▶ [WORK TASK]: From the entries below, copy out all lines holding "finType".

(Dataset items)
● ● ● ● ● ● ●

Lemma v_component_misses_D : {in D, forall y, ~~ connect R v y}.
Proof.
move=> y yD; apply/negP => /(bridge_from_b yD)[m [z [zD mD pm um mz]]].
have [pp pb _ _] := cycle_cat_cons cC.
have := longest_cycle_path_half sym_e lD a_D (P := p ++ b :: rcons m z).
rewrite cat_path pp /= pb pm last_cat /= last_rcons => /(_ isT).
have [ap bap] : uniq (a :: p) /\ b \notin a :: p.
  by move: uC; rewrite -cat_cons cat_uniq => /and3P[-> /hasPn/(_ b (mem_head _ _)) ->].
have uP : uniq (a :: p ++ b :: rcons m z).
  rewrite -cat_cons cat_uniq ap um andbT; apply/hasPn => w; rewrite inE.
  case/orP => [/eqP->//|/mz[vw wS]]; rewrite inE negb_or; apply/andP; split.
    by apply: contraNneq wS => ->.
  apply: contraNN nuv => /u_p uw; apply: connect_trans uw _.
  by rewrite (connect_restrict_sym sym_e).
have PD : {in p ++ b :: rcons m z, forall w, w \in D -> w = z}.
  move=> w; rewrite mem_cat inE mem_rcons inE.
  case/or4P => [/p_notin_D/negP//|/eqP->|/eqP//|/mD/negP//].
  by move/negP: b_notin_D.
move=> /(_ uP zD PD); rewrite size_D /= !size_cat /= size_rcons.
have arith (np nq nm : nat) : nq <= np -> (np + nm.+2).*2 <= (np + nq.+1).+1 -> False.
  by clear; rewrite -addnn; lia.
exact: arith qp.
Qed.

Let rest_misses_D : {in p ++ b :: q, forall w, w \notin D}.
Proof.
move=> w; rewrite mem_cat inE => /orP[/p_notin_D//|/orP[/eqP->//|wq]].
by apply: contraTN (v_q wq) => wD; apply: v_component_misses_D.
Qed.

Let bridge_avoiding_a : connected_in e (~: [set a]) ->
  exists y m z, [/\ y \in p ++ b :: q, z \in D, {in m, forall w, w \notin D},
    path e y (rcons m z) /\ uniq (y :: rcons m z) &
    {in rcons m z, forall w, w != a /\ w \notin p ++ b :: q}].
Proof.
move=> Ga; set C' := p ++ b :: q.
have x1_D : x1 \in D by have /andP[] : (x1 \in D) && (x1 \in S) by rewrite D_S eqxx.
have [bA x1A] : b \in ~: [set a] /\ x1 \in ~: [set a].
  by rewrite !inE b_neq_a nonadjacent_neq_endpoint.
case/connectP: (Ga b x1 bA x1A) => s ps x1s.
have bC' : b \in C' by rewrite mem_cat mem_head orbT.
have lD_s : mem D (last b s) by rewrite /= -x1s.
have [y [m [z [yC' zD mi pm sub]]]] :=
  exists_bridge rest_misses_D bC' (path_restrictW ps) lD_s.
exists y, m, z; split => // [w wm|w wmz].
  by have := allP mi w wm; rewrite /= negb_or => /andP[].
split.
  have := sub w; rewrite inE wmz orbT => /(_ isT); rewrite inE.
  by case/orP => [/eqP->|/(path_restrict_sub ps)]; rewrite ?b_neq_a ?inE.
move: wmz; rewrite mem_rcons inE => /orP[/eqP->|wm].
  by apply: contraTN zD; apply: rest_misses_D.
by have := allP mi w wm; rewrite /= negb_or => /andP[].
Qed.

Lemma crossing_cut_vertex : ~ connected_in e (~: [set a]).
Proof.
move=> /bridge_avoiding_a[y [m [z [yC zD mD [pm um] mz]]]].
have ay : a != y by apply: contraNneq (proj1 (andP uC)) => ->.
have yaC : y \in a :: p ++ b :: q by rewrite inE yC orbT.
have [A [pA lA uA AC hA]] := cycle_arc_half sym_e cC uC (mem_head _ _) yaC ay.
have AC' w : w \in A -> w \in p ++ b :: q.
  move=> wA; have := AC w wA; rewrite inE => /orP[/eqP wa|//].
  by move: uA; rewrite -wa /= wA.
have := longest_cycle_path_half sym_e lD a_D (P := A ++ rcons m z).
rewrite cat_path pA lA pm last_cat lA last_rcons => /(_ isT).
have uP : uniq (a :: A ++ rcons m z).
  rewrite -cat_cons cat_uniq uA; move: um; rewrite cons_uniq => /andP[_ ->].
  rewrite andbT; apply/hasPn => w /mz[wa wC]; rewrite inE negb_or wa /=.
  by apply: contraNN wC => /AC'.
have PD : {in A ++ rcons m z, forall w, w \in D -> w = z}.
  move=> w; rewrite mem_cat mem_rcons inE.
  by case/or3P => [/AC'/rest_misses_D/negP//|/eqP//|/mD/negP].
move=> /(_ uP zD PD); rewrite size_D size_cat size_rcons.
have arith (nA nm nC : nat) : nC <= nA.*2 -> (nA + nm.+1).*2 <= nC -> False.
  by clear; rewrite -!addnn; lia.
exact: arith hA.
Qed.

End Crossing.

End Trace.

Section Tree.
Variables (I : finType) (tE : rel I).
Hypothesis tree : is_tree tE.
Variable t : I.
Local Notation Tt := (restrict tE (~: [set t])).

Lemma tree_sym : symmetric tE. Proof. by case: tree. Qed.

Lemma tree_branch j : j != t -> exists2 t', tE t t' & connect Tt t' j.
Proof.
case: tree => _ _ _ conn _ jt.
have := conn t j; rewrite !inE => /(_ isT isT) /connectP[s /path_restrictW ps lj].
move: jt; rewrite lj; case: (shortenP ps) => -[|t1 s'] //=; first by rewrite eqxx.
move=> /andP[tt1 ps'] /andP[ts' _] _ _; exists t1 => //.
apply/connectP; exists s' => //; apply: path_restrict => //.
  by rewrite !inE; apply: contraNneq ts' => <-; rewrite mem_head.
by move=> z zs; rewrite !inE; apply: contraNneq ts' => <-; rewrite inE zs orbT.
Qed.

Lemma tree_branch_uniq t1 t2 j : tE t t1 -> tE t t2 ->
  connect Tt t1 j -> connect Tt t2 j -> t1 = t2.
Proof.
move=> e1 e2 c1 c2; apply/eqP; apply: contraT => ne.
have : connect Tt t1 t2 by apply: connect_trans c1 _; rewrite (connect_restrict_sym tree_sym).
case/connectP => s ps l2; move: l2; case: (shortenP ps) => s' ps' us' _ l2 {ps}.
case: tree => _ irr _ _ acyc; suff /acyc : is_cycle tE (t :: t1 :: s') by [].
have s't : {subset s' <= ~: [set t]} := path_restrict_sub ps'.
split.
- rewrite cons_uniq us' andbT inE negb_or eq_sym; apply/andP; split.
    by apply: contraTneq e1 => ->; rewrite irr.
  by apply/negP => /s't; rewrite !inE eqxx.
- by case: (s') l2 => [/= l2|//]; rewrite l2 eqxx in ne.
- by rewrite /= e1 rcons_path (path_restrictW ps') -l2 tree_sym.
Qed.

End Tree.

Section TreeDecomposition.
Variables (T I : finType) (e : rel T) (tE : rel I) (B : I -> {set T}).
Hypothesis td : is_td e tE B.
Variable t : I.
Local Notation Tt := (restrict tE (~: [set t])).
Local Notation R := (restrict e (~: B t)).

Lemma bags_connect_off v i j :
  v \notin B t -> v \in B i -> v \in B j -> connect Tt i j.
Proof.
case: td => _ _ _ _ sub vt vi vj.
have := sub v i j; rewrite !inE => /(_ vi vj).
apply: connect_sub => x y /and3P[]; rewrite !inE => xv yv exy.
apply: connect1; rewrite /restrict /= exy !inE andbT.
by apply/andP; split; apply: contraNneq vt => <-.
Qed.

Lemma component_in_branch u : u \notin B t ->
  exists2 t', tE t t' & forall w j, connect R u w -> w \in B j -> connect Tt t' j.
Proof.
move=> ut; case: td => tr _ cover ecover _.
have [i0 ui0] := cover u.
have i0t : i0 != t by apply: contraNneq ut => <-.
have [t' tt' t'i0] := tree_branch tr i0t.
exists t' => // w j /connectP[s ps ->] {w}.
have Pu j' : u \in B j' -> connect Tt t' j'.
  by move/(bags_connect_off ut ui0); apply: connect_trans.
elim: s u ut ps Pu {ui0} => [|y s IH] x xt /=; first by move=> _; apply.
move=> /andP[/and3P[_ yS exy] ps] Px.
have yt : y \notin B t by rewrite inE in yS.
apply: IH ps _ => // j' yj'.
have [j0 /andP[xj0 yj0]] := ecover x y exy.
exact: connect_trans (Px j0 xj0) (bags_connect_off yt yj0 yj').
Qed.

● ● ● ● ● ● ●

▶ [WRITTEN REPLY]:
Variables (I : finType) (tE : rel I).
Variables (T I : finType) (e : rel T) (tE : rel I) (B : I -> {set T}).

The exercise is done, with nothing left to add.